Gray's Papaya: One is the Onliest Number
And then there was one. Yesterday, the city shed a meaty tear as the Greenwich Village location of Gray's Papaya (402 Sixth Avenue) went down for the count. With a sole operation (on Broadway at 72nd) remaining to carry the torch, the closure marks a devastating blow to Big Apple dining culture.
Reached at his residence, owner Nicholas Gray confirms reports of a rent hike as the culprit for shutting down after 28 years of business. "They wanted to raise my rent to $50,000 from $30,000," he stated, adding that he plans to relocate as soon as he finds a suitable space. "We're always looking for corners, but they're hard to find." Of course they're hard to find -- look at that rent increase!

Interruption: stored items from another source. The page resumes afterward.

Lemma face_tight_subspace F : is_face P F -> (exists x, F x) ->
  exists T, (exists x, F x /\ tight_on T x) /\ (forall y, tight_on T y -> F y).
Proof.
move=> [c [d [valid Fcd]]] [x Fx].
have grow_or_stop x' : F x' -> (forall y, tight_on (active x') y -> F y) \/
    exists2 z, F z & (#|active x'| < #|active z|)%N.
  move=> Fx'; case: (classic (forall y, tight_on (active x') y -> F y)) => [|Fy_not].
    by left.
  have [y yF] := not_all_ex_not _ _ Fy_not; have [yx' not_Fy] := imply_to_and _ _ yF.
  have [Px' cx'] := (Fcd x').1 Fx'.
  have [z Fz grow] := face_active_grow valid Px' cx' yx' (fun Fy => not_Fy ((Fcd y).2 Fy)).
  by right; exists z => //; apply/Fcd.
suff [x' Fx' Fall] : exists2 x', F x' & forall y, tight_on (active x') y -> F y.
  by exists (active x'); split => //; exists x'; split => //; apply: tight_on_active.
have [k] : exists k, (m - #|active x| <= k)%N by exists (m - #|active x|)%N.
elim: k x Fx => [|k IH] x' Fx' x'k; have [Fall | [z Fz grow]] := grow_or_stop x' Fx';
  try by exists x'.
  by have := max_card (active z); rewrite card_ord; lia.
by apply: (IH z Fz); have := max_card (active z); rewrite card_ord; lia.
Qed.

Lemma tight_face T : is_face P (fun y => P y /\ tight_on T y).
Proof.
pose e : 'cV[R]_m := \col_i (i \in T)%:R.
have slackE y : dotv e (intmx b) - dotv ((intmx A)^T *m e) y =
    \sum_(i in T) ((b i 0)%:~R - (intmx A *m y) i 0).
  rewrite dotv_trmx /dotv -sumrB [RHS]big_mkcond; apply: eq_bigr => i _.
  by rewrite !mxE; case: (i \in T); rewrite ?mul1r ?mul0r ?subr0.
exists ((intmx A)^T *m e), (dotv e (intmx b)); split => [y Py | y].
  by rewrite -subr_ge0 slackE sumr_ge0 // => i _; rewrite subr_ge0.
split=> [[Py Ty] | [Py cy]]; split => //.
  by apply/eqP; rewrite eq_sym -subr_eq0 slackE big1 // => i /Ty ->; rewrite subrr.
have /psumr_eq0P slack0 : \sum_(i in T) ((b i 0)%:~R - (intmx A *m y) i 0) = 0.
  by rewrite -slackE cy subrr.
move=> i iT; apply/eqP; rewrite eq_sym -subr_eq0 slack0 // => j _.
by rewrite subr_ge0.
Qed.

Lemma aff_hull_tight_row F i y :
  tight_row A b F i -> aff_hull F y -> (intmx A *m y) i 0 = (b i 0)%:~R.
Proof.
move=> Fi [k [xs [l [Fxs [l1 ->]]]]]; rewrite mulmx_sumr summxE.
under eq_bigr => j _ do rewrite -scalemxAr mxE (Fi _ (Fxs j)).
by rewrite -mulr_suml l1 mul1r.
Qed.

Lemma optimal_tight_combination (T : {set 'I_m}) x (z : 'cV[R]_m) :
  (forall i, 0 <= z i 0) -> (forall i, i \notin T -> z i 0 = 0) ->
  P x -> tight_on T x ->
  optimal P ((intmx A)^T *m z) x /\ dotv ((intmx A)^T *m z) x = dotv (intmx b) z.
Proof.
move=> z_ge0 zT Px Tx.
have value : dotv ((intmx A)^T *m z) x = dotv (intmx b) z.
  rewrite dotv_trmx dotvC dotv_intmxE; apply: eq_bigr => i _.
  by have [/Tx -> // | /zT ->] := boolP (i \in T); rewrite !mulr0.
split => //; split => // y Py; rewrite value dotv_trmx dotvC.
by rewrite dotv_intmxE; apply: ler_sum => i _; rewrite ler_wpM2r.
Qed.

Variable p : nat.
Hypothesis p_gt0 : (0 < p)%N.

Lemma padic_tight_solution T x0 : tight_on T x0 ->
  (forall z : 'cV[R]_m, (forall i, i \notin T -> z i 0 = 0) ->
     integral_vec ((intmx A)^T *m z) -> padic p (dotv (intmx b) z)) ->
  exists2 y, tight_on T y & padic_vec p y.
Proof.
move=> Tx0 dual.
have tight_onE y : tight_on T y <-> intmx (mask_mx T *m A) *m y = intmx (mask_mx T *m b).
  rewrite !map_mxM map_mask_mx -mulmxA; split => [Ty | /matrixP Ty i iT].
    apply/matrixP => i k; rewrite (ord1 k) !mask_mxE.
    by case: ifP => // iT; rewrite [RHS]mxE; apply: Ty.
  by move: (Ty i 0); rewrite !mask_mxE iT [RHS]mxE.
have [|y Ay py] := padic_solution p_gt0 (proj1 (tight_onE x0) Tx0).
  move=> z; rewrite !map_mxM map_mask_mx trmx_mul tr_mask_mx -mulmxA => Az.
  rewrite dotvC -dotv_trmx tr_mask_mx dotvC; apply: dual => // i iT.
  by rewrite mask_mxE (negbTE iT).
by exists y => //; apply/tight_onE.
Qed.

Lemma padic_dual_tight (y : 'cV[R]_n) (z : 'cV[R]_m) : padic_vec p y ->
  (forall i, z i 0 != 0 -> (intmx A *m y) i 0 = (b i 0)%:~R) ->
  integral_vec ((intmx A)^T *m z) -> padic p (dotv (intmx b) z).
Proof.
move=> py yz Az.
have -> : dotv (intmx b) z = dotv ((intmx A)^T *m z) y.
  rewrite dotv_trmx dotv_intmxE [RHS]dotvC; apply: eq_bigr => i _.
  by have [-> | /yz ->] := eqVneq (z i 0) 0; rewrite ?mulr0.
exact: padic_dotv.
Qed.

End Polyhedron.

Section Equivalence.
Variables (R : realType) (m n : nat) (A : 'M[int]_(m, n)) (b : 'cV[int]_m) (p : nat).
Hypothesis p_gt0 : (0 < p)%N.
Local Notation intmx := (map_mx (intr : int -> R)).
Local Notation P := (@polyh R m n A b).

Definition padic_polyhedron : Prop :=
  forall F, is_face P F -> (exists x, F x) -> exists x, F x /\ padic_vec p x.

Definition padic_aff_hulls : Prop :=
  forall F, is_face P F -> (exists x, F x) -> exists y, aff_hull F y /\ padic_vec p y.

Definition padic_dual_faces : Prop :=
  forall F, is_face P F -> (exists x, F x) ->
  forall z : 'cV[R]_m, (forall i, ~ tight_row A b F i -> z i 0 = 0) ->
    integral_vec ((intmx A)^T *m z) -> padic p (\sum_(i < m) (b i 0)%:~R * z i 0).

Definition padic_optimal_solutions : Prop :=
  forall w : 'cV[R]_n, (exists x0, optimal P w x0) ->
  exists x0, optimal P w x0 /\ padic_vec p x0.

Definition padic_optimal_values : Prop :=
  forall w : 'cV[int]_n, (exists x0, optimal P (intmx w) x0) ->
  forall x0, optimal P (intmx w) x0 -> padic p (dotv (intmx w) x0).

Lemma padic_face_point F : is_face P F -> (exists x, F x) ->
  (forall T x, P x -> tight_on A b T x ->
     forall z : 'cV[R]_m, (forall i, i \notin T -> z i 0 = 0) ->
     integral_vec ((intmx A)^T *m z) -> padic p (dotv (intmx b) z)) ->
  exists x, F x /\ padic_vec p x.
Proof.
move=> Fface Fne dual.
have [T [[x [Fx Tx]] TF]] := face_tight_subspace Fface Fne.
have [y Ty py] := padic_tight_solution p_gt0 Tx (dual T x (polyh_of_face Fface Fx) Tx).
by exists y; split => //; apply: TF.
Qed.

Lemma polyhedron_aff_hulls : padic_polyhedron -> padic_aff_hulls.
Proof.
move=> padicP F Fface Fne; have [x [Fx px]] := padicP F Fface Fne.
by exists x; split => //; exists 1%N, (fun=> x), (fun=> 1); rewrite !big_ord1 scale1r.
Qed.

Lemma aff_hulls_dual_faces : padic_aff_hulls -> padic_dual_faces.
Proof.
move=> padic_hulls F Fface Fne z zF Az; have [y [Fy py]] := padic_hulls F Fface Fne.
rewrite -dotv_intmxE; apply: (padic_dual_tight p_gt0 py _ Az) => i zi.
apply: (aff_hull_tight_row _ Fy); apply: NNPP => not_tight.
by rewrite (zF i not_tight) eqxx in zi.
Qed.

Lemma dual_faces_polyhedron : padic_dual_faces -> padic_polyhedron.
Proof.
move=> padic_duals F Fface Fne; apply: padic_face_point => // T x Px Tx z zT Az.
rewrite dotv_intmxE; apply: (padic_duals _ (tight_face _ A b T)) => [|i not_tight|//].
  by exists x.
have [iT | /zT //] := boolP (i \in T).
by exfalso; apply: not_tight => y [_ Ty]; apply: Ty.
Qed.

Lemma polyhedron_optimal_solutions : padic_polyhedron -> padic_optimal_solutions.
Proof.
move=> padicP w [x0 [Px0 x0_max]].
pose F x := P x /\ dotv w x = dotv w x0.
have Fface : is_face P F by exists w, (dotv w x0).
have [x [[Px wx] px]] := padicP F Fface (ex_intro _ x0 (conj Px0 erefl)).
by exists x; split => //; split => // y Py; rewrite wx; apply: x0_max.
Qed.

Lemma optimal_solutions_values : padic_optimal_solutions -> padic_optimal_values.
Proof.
move=> padic_sols w w_opt x0 [Px0 x0_max].
have [x1 [[Px1 x1_max] px1]] := padic_sols _ w_opt.
have -> : dotv (intmx w) x0 = dotv (intmx w) x1 by apply/eqP; rewrite eq_le x1_max ?x0_max.
by apply: padic_dotv => // j; rewrite mxE; exists (w j 0).
Qed.

Lemma optimal_values_polyhedron : padic_optimal_values -> padic_polyhedron.
Proof.
move=> padic_vals F Fface Fne; apply: padic_face_point => // T x Px Tx z zT Az.
pose k : 'cV[int]_m := \col_i Num.floor (z i 0).
pose z' := z - intmx k.
have z'_ge0 i : 0 <= z' i 0 by rewrite !mxE subr_ge0 floor_le.
have z'T i : i \notin T -> z' i 0 = 0 by move=> /zT zi; rewrite !mxE zi floor0 subrr.
have [w Aw] : exists w : 'cV[int]_n, (intmx A)^T *m z' = intmx w.
  apply: integral_vec_intmx => j; apply/is_integralE.
  rewrite mulmx_subE rpredB //; first exact/is_integralE/Az.
  by rewrite map_trmx -map_mxM mxE intr_int.
have [x_opt x_val] := optimal_tight_combination z'_ge0 z'T Px Tx.
rewrite Aw in x_opt x_val.
have := padic_vals w (ex_intro _ x x_opt) x x_opt; rewrite x_val => pz'.
rewrite -[z](subrK (intmx k)) dotvDr; apply: padicD => //.
by apply: padic_dotv => // i; rewrite mxE; [exists (b i 0) | apply: padic_intr].
Qed.

End Equivalence.

Unset Implicit Arguments.

Theorem theorem5p2 (R : realType) (m n : nat)
  (A : 'M[int]_(m, n)) (b : 'cV[int]_m) (p : nat) :
  prime p ->
  (exists x : 'cV[R]_n, polyh A b x) ->
  [<->
    (* (1) P is p-adic *)
    (forall F : 'cV[R]_n -> Prop, is_face (polyh A b) F -> (exists x, F x) ->
       exists x, F x /\ padic_vec p x);
    (* (2) affine hull of every nonempty face contains a p-adic point *)
    (forall F : 'cV[R]_n -> Prop, is_face (polyh A b) F -> (exists x, F x) ->
       exists y, aff_hull F y /\ padic_vec p y);
    (* (3) A_F^T z integral ==> b_F^T z p-adic (z supported on A_F rows) *)
    (forall F : 'cV[R]_n -> Prop, is_face (polyh A b) F -> (exists x, F x) ->
       forall z : 'cV[R]_m,
         (forall i, ~ tight_row A b F i -> z i 0 = 0) ->
         (forall j, is_integral (((map_mx intr A)^T *m z) j 0)) ->
         padic p (\sum_(i < m) (b i 0)%:~R * z i 0));
    (* (4) every real objective with an optimum has a p-adic optimal solution *)
    (forall w : 'cV[R]_n, (exists x0, optimal (polyh A b) w x0) ->
       exists x0, optimal (polyh A b) w x0 /\ padic_vec p x0);
    (* (5) every integral objective with an optimum has p-adic optimal value *)
    (forall w : 'cV[int]_n,
       (exists x0, optimal (polyh A b) (map_mx intr w : 'cV[R]_n) x0) ->
       forall x0, optimal (polyh A b) (map_mx intr w : 'cV[R]_n) x0 ->
         padic p (dotv (map_mx intr w : 'cV[R]_n) x0))
  ].
Proof.
(* Primality is only used through [0 < p], and P need not be nonempty. *)
move=> /prime_gt0 p_gt0 _; tfae.
- exact: polyhedron_aff_hulls.
- exact: aff_hulls_dual_faces.
- by move=> /(dual_faces_polyhedron p_gt0) /polyhedron_optimal_solutions.
- exact: optimal_solutions_values.
- exact: optimal_values_polyhedron.
Qed.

Gray's was the baby of ex-Papaya King partner Gray, who opened the original location on the corner of Broadway and West 72nd Street in 1973, when two hot dogs and a drink cost approximately a dollar. Even though the hot dog has fallen out of fashion somewhat as a processed meat, every Gray's location I've ever visited has had characters hunched over its counters, ignoring the world around them as they munched away at all times of day and night.
Papaya King may have been the original, but as it expanded to Clifton, New Jersey, and Hollywood (sister cities, or so I hear), Gray's felt like the more authentic of the two, a scrappy local underdog (pun intended) to Papaya King's more imperialist tendencies. This is not to discredit Papaya King, whose original location is a must for any lover of food who finds himself in this city -- if only to compare it to Gray's across town.
Gray's has had a lasting significance for me; its existence was brought to my attention as a story told to me by my father, in which an acquaintance of my parents once ate eight hot dogs in a single sitting. This was before the days of competitive eating, and to my young, malleable mind, it seemed an unattainable number. Later in life, I used the (now-shuttered) 37th Street branch of Gray's as a kind of "foodie" test to see if my better half was up to the task of dealing with whatever kind of horror entails dating me.
Next to pizza, a hot dog may well be the most "New York" food we have on offer, and nearly every carnivorous New Yorker has experienced the pleasures of a snappy frank downed with a frothy fruit drink. Now even our beloved steamed meat purée is threatened by the onslaught of this city's obscene real estate market. If you come across any affordable, good-looking corners, holla in the comments section.
The city's hot dog-hungry hungry masses will thank you.